## [Material shown]
>>>>
(* Let $\mathcal{I}\in\mathrm{Ins}(\Omega,\mathcal{H})$ and $\mathcal{J}\in\mathrm{Ins}(\Lambda,\mathcal{H},\mathcal{V})$ be instruments. Then: if $\mathcal{I}$ does not disturb $\mathcal{J}$, then $\mathsf{A}^{\mathcal{I}}$ does not disturb $\mathcal{J}$; if $\mathsf{A}^{\mathcal{I}}$ does not disturb $\mathcal{J}$, then $\mathsf{A}^{\mathcal{I}}$ and $\mathcal{J}$ are compatible; and if $\mathsf{A}^{\mathcal{I}}$ and $\mathcal{J}$ are compatible, then $\mathsf{A}^{\mathcal{I}}$ is compatible with $\Phi^{\mathcal{J}}$ and $\mathsf{A}^{\mathcal{I}}$ is compatible with $\mathsf{A}^{\mathcal{J}}$.
   Context: All Hilbert spaces are finite-dimensional and complex, and all outcome sets are finite. A POVM $\mathsf{A}\in\mathcal{O}(\Omega,\mathcal{H})$ is a map $x\mapsto \mathsf{A}(x)$ from $\Omega$ to positive operators on $\mathcal{H}$ with $\sum_x \mathsf{A}(x)=I$. An instrument $\mathcal{I}\in\mathrm{Ins}(\Omega,\mathcal{H},\mathcal{K})$ is a family $(\mathcal{I}_x)_{x\in\Omega}$ of completely positive trace-nonincreasing linear maps $\mathcal{L}(\mathcal{H})\to\mathcal{L}(\mathcal{K})$ such that $\Phi^{\mathcal{I}}:=\sum_x\mathcal{I}_x$ is trace preserving (the induced channel); its induced POVM $\mathsf{A}^{\mathcal{I}}$ is defined by $\mathrm{tr}[\mathsf{A}^{\mathcal{I}}(x)\varrho]=\mathrm{tr}[\mathcal{I}_x(\varrho)]$; $\mathrm{Ins}(\Omega,\mathcal{H}):=\mathrm{Ins}(\Omega,\mathcal{H},\mathcal{H})$. An instrument $\mathcal{I}\in\mathrm{Ins}(\Omega,\mathcal{H})$ does not disturb $\mathcal{J}\in\mathrm{Ins}(\Lambda,\mathcal{H},\mathcal{V})$ if $\mathcal{J}_y\circ\Phi^{\mathcal{I}}=\mathcal{J}_y$ for all $y$. A POVM $\mathsf{A}\in\mathcal{O}(\Omega,\mathcal{H})$ does not disturb $\mathcal{J}$ if some $\mathcal{I}'\in\mathrm{Ins}(\Omega,\mathcal{H})$ with $\mathsf{A}^{\mathcal{I}'}=\mathsf{A}$ does not disturb $\mathcal{J}$. Two instruments $\mathcal{I}\in\mathrm{Ins}(\Omega,\mathcal{H},\mathcal{K})$, $\mathcal{J}\in\mathrm{Ins}(\Lambda,\mathcal{H},\mathcal{V})$ are compatible if there is $\mathcal{G}\in\mathrm{Ins}(\Omega\times\Lambda,\mathcal{H},\mathcal{K}\otimes\mathcal{V})$ with $\sum_{x}\mathrm{tr}_{\mathcal{K}}[\mathcal{G}_{(x,y)}(\varrho)]=\mathcal{J}_y(\varrho)$ for all $y$ and $\sum_y\mathrm{tr}_{\mathcal{V}}[\mathcal{G}_{(x,y)}(\varrho)]=\mathcal{I}_x(\varrho)$ for all $x$, for all states $\varrho$. A POVM $\mathsf{A}\in\mathcal{O}(\Omega,\mathcal{H})$ is identified with the instrument in $\mathrm{Ins}(\Omega,\mathcal{H},\mathbb{C})$ given by $\varrho\mapsto\mathrm{tr}[\mathsf{A}(x)\varrho]$, and a channel with a one-outcome instrument; compatibility involving POVMs or channels is defined through these identifications. *)

(* Finite-dimensional complex Hilbert spaces are modelled as
   C^n with C an arbitrary numClosedFieldType (e.g. algC, or R[i] for R rcf);
   operators on C^n are matrices 'M[C]_n. *)
From HB Require Import structures.
From mathcomp Require Import all_boot all_order all_algebra.
Set Implicit Arguments. Unset Strict Implicit. Unset Printing Implicit Defensive.
Import Order.TTheory GRing.Theory Num.Theory.
Local Open Scope ring_scope.
(** A finitely supported [kF] vanishing near [x] is killed at [x] entry by entry; the
    remainder [k - kF] is small in [l^p], hence so is its image at [x]. *)
Lemma band_local k x : is_lp k -> (forall y, Defs.dist X x y <= R0 -> k y = 0E) -> B k x = 0E.
Proof.
  intros Hk Hl. apply NNPP. intros Hv.
  set (v := B k x) in *.
  assert (Hnv : 0 < nrm v).
  { destruct (bnorm_nonneg E v) as [H|H]; auto. exfalso. apply Hv. apply bnorm_eq0; auto. }
  set (cp := rpow (opnorm p B) p). assert (Hcp : 0 <= cp) by apply rpow_nonneg.
  set (ev := rpow (nrm v) p). assert (Hev : 0 < ev) by (apply rpow_gt0; auto).
  destruct (exists_small_factor cp ev Hcp Hev) as [eps [He Hlt]].
  pose proof Hk as [Bk HBk]%is_lp_sums_le.
  destruct (sums_tail (npow k) Bk eps HBk He) as [F [NF HF]].
  set (kF := fun y => if excluded_middle_informative (In y F) then k y else 0E).
  assert (HkF : forall y, ~ In y F -> kF y = 0E).
  { intros y Hy. unfold kF. destruct (excluded_middle_informative (In y F)); tauto. }
  assert (HlkF : is_lp kF) by (apply (lp_of_finite_support _ F); auto).
  assert (H0 : B kF x = 0E).
  { rewrite (op_finite_support_eq B F) by auto. apply bsum_eq_zero.
    intros y _. destruct (excluded_middle_informative (kF y = 0E)) as [e|e].
    - rewrite e, delta_zero, (linear_fzero X E p B HB). auto.
    - apply Hprop. destruct (Rle_lt_dec (Defs.dist X x y) R0); auto. exfalso.
      apply e. unfold kF. destruct (excluded_middle_informative (In y F)); auto. }
  set (r := fadd X E k (fscal X E (-1) kF)).
  assert (Hr : forall y, npow r y = if dec (In y F) then 0 else npow k y).
  { intros y. unfold r, npow, fadd, fscal, kF.
    destruct (excluded_middle_informative (In y F)).
    - rewrite dec_true by auto. rewrite <- bopp_scal, badd_opp, bnorm_0. apply rpow_0.
    - rewrite dec_false by auto. rewrite bscal_0r, badd_0r. auto. }
  assert (HBr : sums_le (npow r) eps).
  { intros L HL. rewrite (lsum_ext_in L _ _ (fun y _ => Hr y)), lsum_filter_out.
    apply HF. apply NoDup_filter; auto. intros y Hy. apply filter_In in Hy as [_ Hy].
    intros Hy'. rewrite dec_true in Hy by auto. discriminate. }
  assert (Hlr : is_lp r) by (apply is_lp_sums_le; eauto).
  assert (HBrx : B r x = v).
  { destruct HB as [_ [Hlin _]]. unfold r. rewrite Hlin, H0, bscal_0r, badd_0r by auto. auto. }
  pose proof (npow_op_le B r x HB Hlr) as HP. unfold npow at 1 in HP. rewrite HBrx in HP.
  assert (sup_sums (npow r) <= eps) by (eapply sup_sums_le; eauto).
  assert (cp * sup_sums (npow r) <= cp * eps) by (apply Rmult_le_compat_l; auto).
  fold cp ev in HP. lra.
Qed.

Lemma band_eval (F : list X) f x : is_lp f -> NoDup F ->
  (forall y, Defs.dist X x y <= R0 -> In y F) ->
  B f x = bsum E F (fun y => B (delta X E y (f y)) x).
Proof.
  intros Hf NF HF.
  set (fF := fun y => if excluded_middle_informative (In y F) then f y else 0E).
  set (fo := fun y => if excluded_middle_informative (In y F) then 0E else f y).
  assert (HfF : forall y, ~ In y F -> fF y = 0E).
  { intros y Hy. unfold fF. destruct (excluded_middle_informative _); tauto. }
  assert (Hfo : is_lp fo).
  { apply (lp_of_norm_le X E p hp fo f); auto. intros y. unfold fo.
    destruct (excluded_middle_informative _); [rewrite bnorm_0; apply bnorm_nonneg|lra]. }
  assert (Ef : f = fadd X E fF (fscal X E 1 fo)).
  { extensionality y. unfold fadd, fscal, fF, fo. rewrite bscal_1.
    destruct (excluded_middle_informative _); symmetry; [apply badd_0r|apply badd_0]. }
  pose proof HB as [_ [Hlin _]].
  rewrite Ef at 1. rewrite Hlin by (auto; apply (lp_of_finite_support fF F); auto).
  rewrite (band_local fo x), bscal_0r, badd_0r; auto.
  - rewrite (op_finite_support_eq B F fF) by auto. apply gsum_ext_in. intros y Hy.
    unfold fF. destruct (excluded_middle_informative _); tauto.
  - intros y Hy. unfold fo. destruct (excluded_middle_informative _); auto.
    exfalso; auto.
Qed.
Lemma is_derive_grad x v : is_derive x v f (dot v (grad f x)).
Proof.
set L := dot v (grad f x).
suff Hcv : ((fun h : R => h^-1 *: ((f \o shift x) (h *: v) - f x)) @ 0^' --> L)%classic.
  have Hder : derivable f x v by apply/cvg_ex; exists L.
  by split => //; exact: cvg_lim Hcv.
apply/cvgrPdist_lt => e e0.
set SV := \sum_(k < n) `|v 0 k|.
have SV0 : 0 <= SV by apply: sumr_ge0 => k _; exact: normr_ge0.
set e' := e / (SV + 1).
have e'0 : 0 < e' by apply: divr_gt0 => //; lra.
have [d d0 Hd] := partials_near x e'0.
set M := \sum_(k < n) (`|v 0 k *: ebasis R k| + `|row_prefix v k|).
have M0 : 0 <= M by apply: sumr_ge0 => k _; apply: addr_ge0.
near=> h.
have h0 : h != 0 by near: h; exact: nbhs_dnbhs_neq.
have hM : `|h| * (M + 1) < d.
  by rewrite -ltr_pdivlMr ?ltr_wpDl //; near: h; apply: dnbhs0_lt; rewrite divr_gt0 ?ltr_wpDl.
have [xi Hxi ->] := increment_partials x v h.
rewrite /= [_ *: _]mulrA mulVf // mul1r /L /dot -sumrB.
apply: le_lt_trans (ler_norm_sum _ _ _) _.
apply: (@le_lt_trans _ _ (\sum_(k < n) `|v 0 k| * e')).
  apply: ler_sum => k _; rewrite mxE -mulrBr normrM ler_wpM2l // ltW // Hd //.
  have [s /andP[s0 s1] ->] := Hxi k.
  have -> : x - (s *: ((h * v 0 k) *: ebasis R k) + (x + h *: row_prefix v k)) =
      - (h *: (s *: (v 0 k *: ebasis R k) + row_prefix v k)).
    by apply/rowP => i; rewrite !mxE; ring.
  rewrite normrN normrZ.
  apply: le_lt_trans hM; apply: ler_wpM2l => //.
  apply: le_trans (ler_normD _ _) _; rewrite normrZ ger0_norm //.
  apply: (@le_trans _ _ (`|v 0 k *: ebasis R k| + `|row_prefix v k|)).
    by rewrite lerD2r ler_piMl.
  rewrite /M (bigD1 k) //= -addrA lerDl addr_ge0 //.
  by apply: sumr_ge0 => i _; apply: addr_ge0.
rewrite -mulr_suml -/SV /e' mulrCA -[ltRHS]mulr1 ltr_pM2l // ltr_pdivrMr; lra.
Unshelve. all: by end_near.
Qed.

End CoordinateChainRule.

Lemma nonincreasing_is_derive_le0 (R : realType) (psi : R -> R) (s L : R) :
  (forall a b, a <= b -> psi b <= psi a) -> is_derive s 1 psi L -> L <= 0.
Proof.
move=> psi_dec [dpsi <-]; apply: limr_le => //.
near=> h; have : h != 0 by near: h; exact: nbhs_dnbhs_neq.
rewrite /= [h *: 1]mulr1 [_ *: _]/GRing.scale /= neq_lt => /orP[hn|hp].
- by rewrite nmulr_rle0 ?invr_lt0 // subr_ge0; apply: psi_dec; lra.
- by rewrite pmulr_rle0 ?invr_gt0 // subr_le0; apply: psi_dec; lra.
Unshelve. all: by end_near.
Qed.

Section ConcaveHessian.
Variables (R : realType) (n : nat).
Notation V := 'rV[R]_n.
Variable K : V -> R.
Hypothesis K_concave : concave K.

Lemma concave_le_tangent x y d : is_derive x (y - x) K d -> K y <= K x + d.
Proof.
move=> [dK <-]; rewrite -lerBlDl.
have cv := cvg_dnbhs_at_right dK.
rewrite /derive -(cvg_lim _ cv) //; apply: limr_ge; first by apply/cvg_ex; eexists; exact: cv.
near=> h.
have h0 : 0 < h by near: h; exact: nbhs_right_gt.
have h1 : h <= 1 by near: h; exact: nbhs_right_le.
have := K_concave y x (t := h); rewrite (ltW h0) h1 => /(_ isT).
have -> : h *: y + (1 - h) *: x = h *: (y - x) + x.
  by apply/rowP => i; rewrite !mxE; ring.
rewrite /= [_ *: _]/GRing.scale /= ler_pdivlMl //; lra.
Unshelve. all: by end_near.
Qed.

Lemma concave_derive_nonincreasing x v (psi : R -> R) :
  (forall s, is_derive (s *: v + x) v K (psi s)) ->
  forall s t, s <= t -> psi t <= psi s.
Proof.
move=> dK s t; rewrite le_eqVlt => /orP[/eqP -> // | st].
have tangent a b : K (b *: v + x) <= K (a *: v + x) + (b - a) * psi a.
  apply: concave_le_tangent.
  by rewrite opprD addrACA subrr addr0 -scalerBl; apply: is_derive_scaledir.
have := tangent s t; have := tangent t s.
by rewrite -subr_ge0 => ? ?; nra.
Qed.

Hypothesis K_C2 : C2 K.
(* Write A_j (taboo) for the kernel q with the transitions into j deleted.  Since
   S is strictly increasing, q vanishes at 0_d, and then E^(n)(k) = 0 for n > |k|
   for every kernel E vanishing at 0_d: the convolution series of E is a finite
   sum at each k and inverts I - E.  Comparing the series u of q with the series
   W_j of A_j gives the resolvent identity u = W_j + W_j * (q - A_j) * u, whose
   j-th column reads u = I + g * dg(u) as soon as g_ij = (W_j * q)_ij.  The latter
   is the Markov property: the probability that j is first visited at step n + 1,
   at time k, is (A_j^(n) * q)_ij(k), by induction on n, decomposing every event
   along the almost surely finitely many histories compatible with S_n <= k.
   Finally dg(u)(0_d) = I_s, so dg(u) is invertible and g = (u - I) * dg(u)^(-1). *)

Lemma big_pred1_seq (T : eqType) (V : nmodType) (r : seq T) (x : T) (F : T -> V) :
  uniq r -> x \in r -> \sum_(y <- r | y == x) F y = F x.
Proof. by move=> ur xr; rewrite -big_filter filter_pred1_uniq // big_seq1. Qed.

Section Points.
Variable d : nat.
Implicit Types a b c k l : vec d.

Definition vsub k l : vec d := [ffun t => (k t - l t)%N].
Definition vnorm k : nat := (\sum_(t < d) k t)%N.

Lemma vleP a b : reflect (forall t, a t <= b t)%N (vle a b).
Proof. exact: forallP. Qed.

Lemma vle_refl a : vle a a.
Proof. by apply/vleP. Qed.

Lemma vle_trans b a c : vle a b -> vle b c -> vle a c.
Proof. by move=> /vleP ab /vleP bc; apply/vleP => t; apply: leq_trans (ab t) (bc t). Qed.

Lemma vle0 a : vle (vzero d) a.
Proof. by apply/vleP => t; rewrite ffunE. Qed.

Lemma vadd0 a : vadd a (vzero d) = a.
Proof. by apply/ffunP => t; rewrite !ffunE addn0. Qed.

Lemma vsub0 a : vsub a (vzero d) = a.
Proof. by apply/ffunP => t; rewrite !ffunE subn0. Qed.

Lemma vsubvv a : vsub a a = vzero d.
Proof. by apply/ffunP => t; rewrite !ffunE subnn. Qed.

Lemma vaddK a b : vsub (vadd a b) a = b.
Proof. by apply/ffunP => t; rewrite !ffunE addKn. Qed.

Lemma vsubKC a b : vle a b -> vadd a (vsub b a) = b.
Proof. by move=> /vleP ab; apply/ffunP => t; rewrite !ffunE subnKC. Qed.

Lemma vsubD k a b : vsub k (vadd a b) = vsub (vsub k a) b.
Proof. by apply/ffunP => t; rewrite !ffunE subnDA. Qed.

Lemma vle_addr a b : vle a (vadd a b).
Proof. by apply/vleP => t; rewrite ffunE leq_addr. Qed.

Lemma vle_subr a b : vle (vsub a b) a.
Proof. by apply/vleP => t; rewrite ffunE leq_subr. Qed.

Lemma vle_sub2r a b c : vle b c -> vle (vsub b a) (vsub c a).
Proof. by move=> /vleP bc; apply/vleP => t; rewrite !ffunE leq_sub2r. Qed.

Lemma vle_subRL a b k : vle a k -> vle b (vsub k a) = vle (vadd a b) k.
Proof.
move=> /vleP ak; apply/vleP/vleP => h t; move: (h t) (ak t); rewrite !ffunE; lia.
Qed.

Lemma vnormD a b : vnorm (vadd a b) = (vnorm a + vnorm b)%N.
Proof. by rewrite /vnorm -big_split; apply: eq_bigr => t _; rewrite ffunE. Qed.

Lemma vnormB a b : vle b a -> vnorm (vsub a b) = (vnorm a - vnorm b)%N.
Proof. by move=> ba; rewrite -{2}(vsubKC ba) vnormD addKn. Qed.

Lemma vnorm_le a b : vle a b -> (vnorm a <= vnorm b)%N.
Proof. by move=> ab; rewrite -(vsubKC ab) vnormD leq_addr. Qed.

Lemma vnorm_eq0 a : (vnorm a == 0%N) = (a == vzero d).
Proof.
apply/eqP/eqP => [a0|->]; last by rewrite /vnorm big1 // => t _; rewrite ffunE.
apply/ffunP => t; rewrite ffunE; apply/eqP; rewrite -leqn0 -a0.
by rewrite /vnorm (bigD1 t) //= leq_addr.
Qed.

Lemma vlt_vnorm a b : vlt a b -> (vnorm a < vnorm b)%N.
Proof.
move=> /andP[ab neq]; rewrite -(vsubKC ab) vnormD -addn1 leq_add2l lt0n vnorm_eq0.
by apply: contra neq => /eqP ba0; rewrite -(vsubKC ab) ba0 vadd0.
Qed.

Lemma mem_box k l : (l \in box k) = vle l k.
Proof.
rewrite mem_filter andb_idr // => lk.
apply/mapP; exists [ffun t => inord (l t) : 'I_(\max_(t < d) k t).+1].
  by rewrite mem_enum.
apply/ffunP => t; rewrite !ffunE inordK // ltnS.
by apply: leq_trans (leq_bigmax t); move/vleP: lk.
Qed.

Lemma uniq_box k : uniq (box k).
Proof.
rewrite filter_uniq // map_inj_uniq ?enum_uniq // => f g /ffunP fg.
by apply/ffunP => t; apply/val_inj; move: (fg t); rewrite !ffunE.
Qed.

Lemma big_box_sub (V : nmodType) k l (F : vec d -> V) : vle l k ->
  \sum_(a <- box l) F a = \sum_(a <- box k | vle a l) F a.
Proof.
move=> lk; rewrite -[RHS]big_filter; apply: perm_big; apply: (@uniq_perm (vec d)).
- exact: uniq_box.
- by rewrite filter_uniq // uniq_box.
by move=> a; rewrite [RHS]mem_filter !mem_box andb_idr // => /vle_trans; apply.
Qed.

Lemma big_box_shift (V : nmodType) k a (G : vec d -> V) : vle a k ->
  \sum_(l <- box k | vle a l) G l = \sum_(b <- box (vsub k a)) G (vadd a b).
Proof.
move=> ak; rewrite -[LHS]big_filter -(big_map (vadd a) xpredT G).
apply: perm_big; apply: (@uniq_perm (vec d)).
- by rewrite filter_uniq // uniq_box.
- by rewrite map_inj_uniq ?uniq_box // => x y xy; rewrite -(vaddK a x) xy vaddK.
move=> l; rewrite [LHS]mem_filter mem_box; apply/andP/mapP => [[al lk]|[b]].
  by exists (vsub l a); rewrite ?vsubKC // mem_box vle_sub2r.
by rewrite mem_box => bk ->; rewrite vle_addr -vle_subRL.
Qed.

End Points.

Section Convolution.
Variables (R : nzRingType) (d s : nat).
Implicit Types A B C : mseq R d s.
Implicit Types k l : vec d.
Local Notation I := (Id_seq R d s).

Lemma mconvE A B k : mconv A B k = \sum_(l <- box k) A l *m B (vsub k l).
Proof.
rewrite /mconv big_seq [RHS]big_seq; apply: eq_bigr => l; rewrite mem_box => lk.
rewrite (eq_bigl (fun l' => l' == vsub k l)) ?big_pred1_seq ?uniq_box ?mem_box ?vle_subr //.
by move=> l' /=; apply/eqP/eqP => [<-|->]; rewrite ?vaddK ?vsubKC.
Qed.

Lemma mconv_entry A B k a c :
  mconv A B k a c = \sum_(l <- box k) \sum_b A l a b * B (vsub k l) b c.
Proof. by rewrite mconvE summxE; apply: eq_bigr => l _; rewrite mxE. Qed.

Lemma eq_mconv_le A A' B B' k :
  (forall l, vle l k -> A l = A' l) -> (forall l, vle l k -> B l = B' l) ->
  mconv A B k = mconv A' B' k.
Proof.
move=> AA' BB'; rewrite !mconvE big_seq [RHS]big_seq; apply: eq_bigr => l.
by rewrite mem_box => lk; rewrite AA' // BB' // vle_subr.
Qed.

Lemma mconvA A B C : mconv A (mconv B C) = mconv (mconv A B) C.
Proof.
apply: funext => k; rewrite !mconvE.
transitivity (\sum_(a <- box k) \sum_(l <- box k | vle a l)
                 A a *m (B (vsub l a) *m C (vsub k l))).
  rewrite big_seq [RHS]big_seq; apply: eq_bigr => a; rewrite mem_box => ak.
  rewrite mconvE mulmx_sumr big_box_shift //; apply: eq_bigr => b _.
  by rewrite vaddK vsubD.
rewrite (exchange_big_dep xpredT) //= big_seq [RHS]big_seq.
apply: eq_bigr => l; rewrite mem_box => lk.
rewrite mconvE mulmx_suml (big_box_sub _ lk); apply: eq_bigr => a _.
by rewrite mulmxA.
Qed.

Lemma mconv1r A : mconv A I = A.
Proof.
apply: funext => k; rewrite mconvE (bigD1_seq k) ?mem_box ?vle_refl ?uniq_box //=.
rewrite /Id_seq vsubvv eqxx mulmx1 big_seq_cond big1 ?addr0 // => l /andP[].
rewrite mem_box => lk lneqk; case: ifP => [/eqP kl0|_]; last by rewrite mulmx0.
by case/eqP: lneqk; rewrite -(vsubKC lk) kl0 vadd0.
Qed.

Lemma mconv1l A : mconv I A = A.
Proof.
apply: funext => k; rewrite mconvE (bigD1_seq (vzero d)) ?mem_box ?vle0 ?uniq_box //=.
rewrite /Id_seq eqxx mul1mx vsub0 big1 ?addr0 // => l /negbTE ->.
by rewrite mul0mx.
Qed.

Lemma mconvDl A B C : mconv (madd A B) C = madd (mconv A C) (mconv B C).
Proof.
apply: funext => k; rewrite /madd !mconvE -big_split.
by apply: eq_bigr => l _; rewrite mulmxDl.
Qed.

Lemma mconvDr A B C : mconv A (madd B C) = madd (mconv A B) (mconv A C).
Proof.
apply: funext => k; rewrite /madd !mconvE -big_split.
by apply: eq_bigr => l _; rewrite mulmxDr.
Qed.

Lemma mconvBl A B C : mconv (msub A B) C = msub (mconv A C) (mconv B C).
Proof.
apply: funext => k; rewrite /msub !mconvE -sumrB.
by apply: eq_bigr => l _; rewrite mulmxBl.
Qed.

Lemma mconvBr A B C : mconv A (msub B C) = msub (mconv A B) (mconv A C).
Proof.
apply: funext => k; rewrite /msub !mconvE -sumrB.
by apply: eq_bigr => l _; rewrite mulmxBr.
Qed.

Lemma mconv_suml A (F : nat -> mseq R d s) N k :
  mconv (fun l => \sum_(0 <= n < N) F n l) A k = \sum_(0 <= n < N) mconv (F n) A k.
Proof.
rewrite mconvE; under eq_bigr do rewrite mulmx_suml.
by rewrite exchange_big; apply: eq_bigr => n _; rewrite mconvE.
Qed.

Lemma mconv_sumr A (F : nat -> mseq R d s) N k :
  mconv A (fun l => \sum_(0 <= n < N) F n l) k = \sum_(0 <= n < N) mconv A (F n) k.
Proof.
rewrite mconvE; under eq_bigr do rewrite mulmx_sumr.
by rewrite exchange_big; apply: eq_bigr => n _; rewrite mconvE.
Qed.

Lemma conv_powSr A n : conv_pow A n.+1 = mconv (conv_pow A n) A.
Proof.
elim: n => [|n IHn]; first by rewrite /= mconv1r mconv1l.
by rewrite -[LHS]/(mconv A (conv_pow A n.+1)) [in LHS]IHn mconvA.
Qed.

End Convolution.

Section Series.
Variables (R : nzRingType) (d s : nat).
Implicit Types E : mseq R d s.
Implicit Types k l : vec d.
Local Notation I := (Id_seq R d s).

Lemma conv_pow_small E n k :
  E (vzero d) = 0 -> (vnorm k < n)%N -> conv_pow E n k = 0.
Proof.
move=> E0; elim: n k => [//|n IHn] k kn /=; rewrite mconvE big_seq big1 // => l.
rewrite mem_box => lk; have [->|l0] := eqVneq l (vzero d); first by rewrite E0 mul0mx.
rewrite IHn ?mulmx0 // vnormB //.
have : (0 < vnorm l)%N by rewrite lt0n vnorm_eq0.
by have := vnorm_le lk; lia.
Qed.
<<<<
## [Assignment]
Looking at the entries above, report how many of their lines include "mapP", and add nothing else.

## [Answer to this task]
2